▸ **YOUR INSTRUCTIONS**
Consider the listing below. Extract exactly the lines from the line containing "hpow s' (S (S" to the line containing "Definition convex_on_unit (f", both included.

▸ **EXERCISE INPUT**

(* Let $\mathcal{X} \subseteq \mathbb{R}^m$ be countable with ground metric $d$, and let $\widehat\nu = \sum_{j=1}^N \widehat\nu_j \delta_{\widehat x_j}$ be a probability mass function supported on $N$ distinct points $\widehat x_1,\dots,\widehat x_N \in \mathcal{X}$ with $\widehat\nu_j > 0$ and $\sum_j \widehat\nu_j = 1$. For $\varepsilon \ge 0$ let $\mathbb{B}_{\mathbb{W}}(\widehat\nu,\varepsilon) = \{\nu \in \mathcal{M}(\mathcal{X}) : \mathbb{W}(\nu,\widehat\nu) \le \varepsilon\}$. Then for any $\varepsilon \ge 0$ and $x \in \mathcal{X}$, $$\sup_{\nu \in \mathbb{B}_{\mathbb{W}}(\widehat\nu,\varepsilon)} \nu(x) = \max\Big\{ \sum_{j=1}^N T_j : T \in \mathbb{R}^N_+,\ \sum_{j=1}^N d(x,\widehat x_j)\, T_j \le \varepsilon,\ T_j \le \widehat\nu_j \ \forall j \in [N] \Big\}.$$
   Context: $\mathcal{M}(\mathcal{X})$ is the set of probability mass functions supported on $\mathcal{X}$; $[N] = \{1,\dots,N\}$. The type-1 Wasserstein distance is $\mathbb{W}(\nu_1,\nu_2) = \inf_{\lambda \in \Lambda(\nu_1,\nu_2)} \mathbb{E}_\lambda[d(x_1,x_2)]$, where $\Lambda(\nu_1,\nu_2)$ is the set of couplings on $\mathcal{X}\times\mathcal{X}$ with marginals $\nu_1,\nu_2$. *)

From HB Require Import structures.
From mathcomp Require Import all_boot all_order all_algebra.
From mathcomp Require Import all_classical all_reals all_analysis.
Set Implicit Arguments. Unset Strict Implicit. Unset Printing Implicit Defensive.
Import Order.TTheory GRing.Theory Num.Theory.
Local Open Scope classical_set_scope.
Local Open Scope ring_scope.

==

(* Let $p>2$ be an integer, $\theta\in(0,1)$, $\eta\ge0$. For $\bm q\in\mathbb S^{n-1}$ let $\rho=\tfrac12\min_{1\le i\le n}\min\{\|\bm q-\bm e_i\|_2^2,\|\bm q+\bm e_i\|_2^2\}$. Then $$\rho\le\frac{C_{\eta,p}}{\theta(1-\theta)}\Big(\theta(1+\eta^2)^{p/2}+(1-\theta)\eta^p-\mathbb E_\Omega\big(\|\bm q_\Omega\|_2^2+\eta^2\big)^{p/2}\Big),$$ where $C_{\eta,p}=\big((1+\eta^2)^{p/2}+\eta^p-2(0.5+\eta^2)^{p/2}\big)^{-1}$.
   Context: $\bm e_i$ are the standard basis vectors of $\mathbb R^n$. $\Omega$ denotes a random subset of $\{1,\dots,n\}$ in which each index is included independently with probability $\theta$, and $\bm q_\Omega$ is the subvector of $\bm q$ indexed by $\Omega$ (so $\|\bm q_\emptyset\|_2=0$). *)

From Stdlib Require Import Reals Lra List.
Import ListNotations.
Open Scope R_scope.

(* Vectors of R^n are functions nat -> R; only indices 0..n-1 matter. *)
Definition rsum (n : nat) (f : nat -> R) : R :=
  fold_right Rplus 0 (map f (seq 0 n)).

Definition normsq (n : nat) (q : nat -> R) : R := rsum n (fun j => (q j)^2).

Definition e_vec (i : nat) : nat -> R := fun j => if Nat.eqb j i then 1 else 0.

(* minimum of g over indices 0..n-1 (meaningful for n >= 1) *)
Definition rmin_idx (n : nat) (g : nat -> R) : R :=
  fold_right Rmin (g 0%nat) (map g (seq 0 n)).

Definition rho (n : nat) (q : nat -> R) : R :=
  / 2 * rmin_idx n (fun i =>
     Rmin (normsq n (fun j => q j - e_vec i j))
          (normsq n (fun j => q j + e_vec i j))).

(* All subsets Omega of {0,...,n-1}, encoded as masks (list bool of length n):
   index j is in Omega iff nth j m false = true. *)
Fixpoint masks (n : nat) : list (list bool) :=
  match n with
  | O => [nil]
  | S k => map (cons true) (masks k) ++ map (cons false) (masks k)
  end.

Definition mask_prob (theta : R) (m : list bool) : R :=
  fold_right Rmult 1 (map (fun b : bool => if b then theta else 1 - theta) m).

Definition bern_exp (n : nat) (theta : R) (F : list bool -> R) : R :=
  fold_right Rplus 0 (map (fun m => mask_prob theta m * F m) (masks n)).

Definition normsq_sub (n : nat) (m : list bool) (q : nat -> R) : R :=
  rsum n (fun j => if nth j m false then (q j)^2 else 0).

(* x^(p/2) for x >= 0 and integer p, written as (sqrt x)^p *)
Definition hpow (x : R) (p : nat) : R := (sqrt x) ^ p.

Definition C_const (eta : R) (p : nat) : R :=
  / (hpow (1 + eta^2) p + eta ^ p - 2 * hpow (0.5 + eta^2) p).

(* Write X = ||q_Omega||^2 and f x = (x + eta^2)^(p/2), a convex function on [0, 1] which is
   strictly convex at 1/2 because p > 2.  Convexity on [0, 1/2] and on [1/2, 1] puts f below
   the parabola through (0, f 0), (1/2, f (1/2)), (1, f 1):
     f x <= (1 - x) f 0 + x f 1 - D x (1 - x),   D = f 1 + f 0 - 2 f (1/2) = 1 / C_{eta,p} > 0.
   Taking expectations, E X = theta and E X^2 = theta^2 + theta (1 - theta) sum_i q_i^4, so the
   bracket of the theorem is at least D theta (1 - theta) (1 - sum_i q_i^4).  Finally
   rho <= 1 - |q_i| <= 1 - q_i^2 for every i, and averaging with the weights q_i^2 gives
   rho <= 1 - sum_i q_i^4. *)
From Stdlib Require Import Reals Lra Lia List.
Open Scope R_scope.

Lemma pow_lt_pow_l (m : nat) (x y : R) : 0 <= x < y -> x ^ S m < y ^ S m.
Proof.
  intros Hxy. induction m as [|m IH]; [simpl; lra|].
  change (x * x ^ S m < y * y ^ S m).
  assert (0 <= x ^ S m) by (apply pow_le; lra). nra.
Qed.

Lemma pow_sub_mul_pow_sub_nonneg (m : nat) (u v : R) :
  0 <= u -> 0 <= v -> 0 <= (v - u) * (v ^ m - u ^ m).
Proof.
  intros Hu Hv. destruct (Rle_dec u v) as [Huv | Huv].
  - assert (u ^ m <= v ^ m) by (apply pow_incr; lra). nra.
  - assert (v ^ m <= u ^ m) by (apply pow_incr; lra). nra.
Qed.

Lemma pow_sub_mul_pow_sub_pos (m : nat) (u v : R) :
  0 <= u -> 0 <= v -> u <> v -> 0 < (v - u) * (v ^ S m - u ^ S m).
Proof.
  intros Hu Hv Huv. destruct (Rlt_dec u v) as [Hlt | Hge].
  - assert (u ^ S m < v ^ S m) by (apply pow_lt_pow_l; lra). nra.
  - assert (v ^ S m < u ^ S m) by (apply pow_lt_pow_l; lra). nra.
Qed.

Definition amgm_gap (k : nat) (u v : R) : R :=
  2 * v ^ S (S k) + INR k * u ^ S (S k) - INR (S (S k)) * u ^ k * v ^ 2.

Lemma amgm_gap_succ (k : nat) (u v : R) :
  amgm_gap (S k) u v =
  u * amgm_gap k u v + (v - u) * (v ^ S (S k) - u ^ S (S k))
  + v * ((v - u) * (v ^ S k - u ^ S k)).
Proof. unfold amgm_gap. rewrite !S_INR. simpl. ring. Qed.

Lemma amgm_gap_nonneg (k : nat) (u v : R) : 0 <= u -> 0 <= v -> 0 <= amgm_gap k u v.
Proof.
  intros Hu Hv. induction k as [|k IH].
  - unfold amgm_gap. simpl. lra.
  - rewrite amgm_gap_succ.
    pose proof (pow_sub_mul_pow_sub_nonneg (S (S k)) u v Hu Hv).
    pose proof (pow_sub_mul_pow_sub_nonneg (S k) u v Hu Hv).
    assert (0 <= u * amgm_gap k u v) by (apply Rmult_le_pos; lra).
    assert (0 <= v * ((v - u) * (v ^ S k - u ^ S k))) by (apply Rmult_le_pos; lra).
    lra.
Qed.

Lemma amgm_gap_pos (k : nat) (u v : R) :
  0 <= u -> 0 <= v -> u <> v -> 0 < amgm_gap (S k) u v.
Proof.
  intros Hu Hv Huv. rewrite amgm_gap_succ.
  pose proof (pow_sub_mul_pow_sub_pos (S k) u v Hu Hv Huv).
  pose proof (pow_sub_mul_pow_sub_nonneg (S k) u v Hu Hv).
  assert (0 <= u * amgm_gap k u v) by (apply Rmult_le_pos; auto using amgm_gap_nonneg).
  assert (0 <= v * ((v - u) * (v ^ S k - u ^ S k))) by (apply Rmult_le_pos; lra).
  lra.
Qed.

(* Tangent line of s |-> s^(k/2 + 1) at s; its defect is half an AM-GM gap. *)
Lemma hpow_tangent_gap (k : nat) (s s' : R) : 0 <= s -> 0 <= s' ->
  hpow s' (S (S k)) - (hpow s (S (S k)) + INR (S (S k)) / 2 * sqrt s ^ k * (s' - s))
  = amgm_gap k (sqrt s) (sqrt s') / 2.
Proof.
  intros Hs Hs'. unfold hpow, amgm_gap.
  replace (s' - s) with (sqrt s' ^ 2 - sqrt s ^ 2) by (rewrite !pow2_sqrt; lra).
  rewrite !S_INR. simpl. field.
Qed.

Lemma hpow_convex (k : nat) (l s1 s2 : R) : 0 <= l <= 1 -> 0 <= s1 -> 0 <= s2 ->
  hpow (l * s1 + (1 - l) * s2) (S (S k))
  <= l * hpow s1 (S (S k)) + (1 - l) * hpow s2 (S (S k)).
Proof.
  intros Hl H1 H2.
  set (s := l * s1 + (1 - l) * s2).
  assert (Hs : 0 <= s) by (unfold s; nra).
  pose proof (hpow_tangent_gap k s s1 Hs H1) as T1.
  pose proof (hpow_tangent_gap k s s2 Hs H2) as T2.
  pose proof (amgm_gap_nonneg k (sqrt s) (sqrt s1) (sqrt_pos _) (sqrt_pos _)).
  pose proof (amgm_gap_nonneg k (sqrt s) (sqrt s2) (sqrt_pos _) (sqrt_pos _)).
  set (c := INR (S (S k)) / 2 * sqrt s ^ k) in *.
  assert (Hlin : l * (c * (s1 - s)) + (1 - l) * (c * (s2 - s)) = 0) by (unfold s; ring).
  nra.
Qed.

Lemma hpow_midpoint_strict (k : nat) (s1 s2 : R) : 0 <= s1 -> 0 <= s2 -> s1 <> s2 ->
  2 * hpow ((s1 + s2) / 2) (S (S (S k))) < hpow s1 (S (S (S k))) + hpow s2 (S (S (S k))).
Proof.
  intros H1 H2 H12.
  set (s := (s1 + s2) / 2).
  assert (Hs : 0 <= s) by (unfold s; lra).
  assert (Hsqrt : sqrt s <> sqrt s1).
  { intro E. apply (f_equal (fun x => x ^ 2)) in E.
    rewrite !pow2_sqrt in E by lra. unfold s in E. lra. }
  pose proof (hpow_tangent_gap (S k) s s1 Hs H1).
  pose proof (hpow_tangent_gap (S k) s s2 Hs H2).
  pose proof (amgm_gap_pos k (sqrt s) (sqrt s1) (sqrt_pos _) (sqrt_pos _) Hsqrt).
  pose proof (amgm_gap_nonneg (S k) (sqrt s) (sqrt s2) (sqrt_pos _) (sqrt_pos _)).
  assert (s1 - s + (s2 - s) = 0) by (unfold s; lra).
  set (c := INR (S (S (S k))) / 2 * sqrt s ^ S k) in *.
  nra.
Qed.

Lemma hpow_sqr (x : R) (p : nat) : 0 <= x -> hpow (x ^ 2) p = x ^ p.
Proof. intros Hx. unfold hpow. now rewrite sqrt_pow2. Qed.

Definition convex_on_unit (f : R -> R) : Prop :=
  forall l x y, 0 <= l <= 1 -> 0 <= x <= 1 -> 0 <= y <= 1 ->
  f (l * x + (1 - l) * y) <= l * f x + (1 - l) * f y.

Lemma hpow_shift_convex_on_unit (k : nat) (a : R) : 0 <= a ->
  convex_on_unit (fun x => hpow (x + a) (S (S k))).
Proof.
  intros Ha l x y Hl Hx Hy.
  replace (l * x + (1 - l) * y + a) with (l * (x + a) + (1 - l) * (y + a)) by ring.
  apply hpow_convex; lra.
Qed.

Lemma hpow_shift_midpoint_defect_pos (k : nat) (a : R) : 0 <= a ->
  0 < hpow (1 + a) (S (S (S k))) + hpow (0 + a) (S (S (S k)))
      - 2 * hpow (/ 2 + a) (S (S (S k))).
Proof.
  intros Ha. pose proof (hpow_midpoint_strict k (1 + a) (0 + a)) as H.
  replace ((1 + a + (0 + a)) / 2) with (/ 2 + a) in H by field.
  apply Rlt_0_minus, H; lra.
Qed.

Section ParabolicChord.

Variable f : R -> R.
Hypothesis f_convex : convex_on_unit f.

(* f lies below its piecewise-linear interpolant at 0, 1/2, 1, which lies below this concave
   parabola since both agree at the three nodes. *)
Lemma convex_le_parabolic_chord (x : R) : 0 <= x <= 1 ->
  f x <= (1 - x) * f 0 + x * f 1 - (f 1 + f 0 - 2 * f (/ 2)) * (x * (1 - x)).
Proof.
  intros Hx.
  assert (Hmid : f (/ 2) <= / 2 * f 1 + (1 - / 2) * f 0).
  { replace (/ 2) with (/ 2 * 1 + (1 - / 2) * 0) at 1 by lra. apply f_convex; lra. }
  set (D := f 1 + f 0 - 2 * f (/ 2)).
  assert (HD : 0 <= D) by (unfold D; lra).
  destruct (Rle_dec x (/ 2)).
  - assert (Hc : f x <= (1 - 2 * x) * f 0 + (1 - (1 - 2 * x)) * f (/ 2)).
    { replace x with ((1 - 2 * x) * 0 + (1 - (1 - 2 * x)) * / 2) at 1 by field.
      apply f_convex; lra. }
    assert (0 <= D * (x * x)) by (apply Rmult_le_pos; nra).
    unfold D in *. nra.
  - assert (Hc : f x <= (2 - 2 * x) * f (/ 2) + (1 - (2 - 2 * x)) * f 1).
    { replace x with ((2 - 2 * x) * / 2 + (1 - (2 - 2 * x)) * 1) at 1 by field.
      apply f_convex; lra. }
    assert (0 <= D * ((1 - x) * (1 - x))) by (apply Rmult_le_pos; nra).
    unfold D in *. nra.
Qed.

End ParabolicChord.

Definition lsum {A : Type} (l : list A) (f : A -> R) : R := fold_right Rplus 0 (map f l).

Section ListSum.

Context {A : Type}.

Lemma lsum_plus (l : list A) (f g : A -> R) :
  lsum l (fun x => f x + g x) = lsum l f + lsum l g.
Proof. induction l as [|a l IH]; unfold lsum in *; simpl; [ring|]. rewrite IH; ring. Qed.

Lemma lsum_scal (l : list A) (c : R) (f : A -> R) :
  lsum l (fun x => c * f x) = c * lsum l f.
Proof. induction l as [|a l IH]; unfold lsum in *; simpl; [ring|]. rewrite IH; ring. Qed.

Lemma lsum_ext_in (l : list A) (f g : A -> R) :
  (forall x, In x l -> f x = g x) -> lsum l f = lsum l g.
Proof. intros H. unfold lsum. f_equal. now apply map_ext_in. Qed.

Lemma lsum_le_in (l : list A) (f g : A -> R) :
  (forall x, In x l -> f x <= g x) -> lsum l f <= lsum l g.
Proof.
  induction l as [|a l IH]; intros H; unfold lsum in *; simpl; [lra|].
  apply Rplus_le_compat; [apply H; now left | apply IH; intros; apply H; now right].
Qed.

▸ **ANSWER TO THIS PROBLEM**
  hpow s' (S (S k)) - (hpow s (S (S k)) + INR (S (S k)) / 2 * sqrt s ^ k * (s' - s))
  = amgm_gap k (sqrt s) (sqrt s') / 2.
Proof.
  intros Hs Hs'. unfold hpow, amgm_gap.
  replace (s' - s) with (sqrt s' ^ 2 - sqrt s ^ 2) by (rewrite !pow2_sqrt; lra).
  rewrite !S_INR. simpl. field.
Qed.

Lemma hpow_convex (k : nat) (l s1 s2 : R) : 0 <= l <= 1 -> 0 <= s1 -> 0 <= s2 ->
  hpow (l * s1 + (1 - l) * s2) (S (S k))
  <= l * hpow s1 (S (S k)) + (1 - l) * hpow s2 (S (S k)).
Proof.
  intros Hl H1 H2.
  set (s := l * s1 + (1 - l) * s2).
  assert (Hs : 0 <= s) by (unfold s; nra).
  pose proof (hpow_tangent_gap k s s1 Hs H1) as T1.
  pose proof (hpow_tangent_gap k s s2 Hs H2) as T2.
  pose proof (amgm_gap_nonneg k (sqrt s) (sqrt s1) (sqrt_pos _) (sqrt_pos _)).
  pose proof (amgm_gap_nonneg k (sqrt s) (sqrt s2) (sqrt_pos _) (sqrt_pos _)).
  set (c := INR (S (S k)) / 2 * sqrt s ^ k) in *.
  assert (Hlin : l * (c * (s1 - s)) + (1 - l) * (c * (s2 - s)) = 0) by (unfold s; ring).
  nra.
Qed.

Lemma hpow_midpoint_strict (k : nat) (s1 s2 : R) : 0 <= s1 -> 0 <= s2 -> s1 <> s2 ->
  2 * hpow ((s1 + s2) / 2) (S (S (S k))) < hpow s1 (S (S (S k))) + hpow s2 (S (S (S k))).
Proof.
  intros H1 H2 H12.
  set (s := (s1 + s2) / 2).
  assert (Hs : 0 <= s) by (unfold s; lra).
  assert (Hsqrt : sqrt s <> sqrt s1).
  { intro E. apply (f_equal (fun x => x ^ 2)) in E.
    rewrite !pow2_sqrt in E by lra. unfold s in E. lra. }
  pose proof (hpow_tangent_gap (S k) s s1 Hs H1).
  pose proof (hpow_tangent_gap (S k) s s2 Hs H2).
  pose proof (amgm_gap_pos k (sqrt s) (sqrt s1) (sqrt_pos _) (sqrt_pos _) Hsqrt).
  pose proof (amgm_gap_nonneg (S k) (sqrt s) (sqrt s2) (sqrt_pos _) (sqrt_pos _)).
  assert (s1 - s + (s2 - s) = 0) by (unfold s; lra).
  set (c := INR (S (S (S k))) / 2 * sqrt s ^ S k) in *.
  nra.
Qed.

Lemma hpow_sqr (x : R) (p : nat) : 0 <= x -> hpow (x ^ 2) p = x ^ p.
Proof. intros Hx. unfold hpow. now rewrite sqrt_pow2. Qed.

Definition convex_on_unit (f : R -> R) : Prop :=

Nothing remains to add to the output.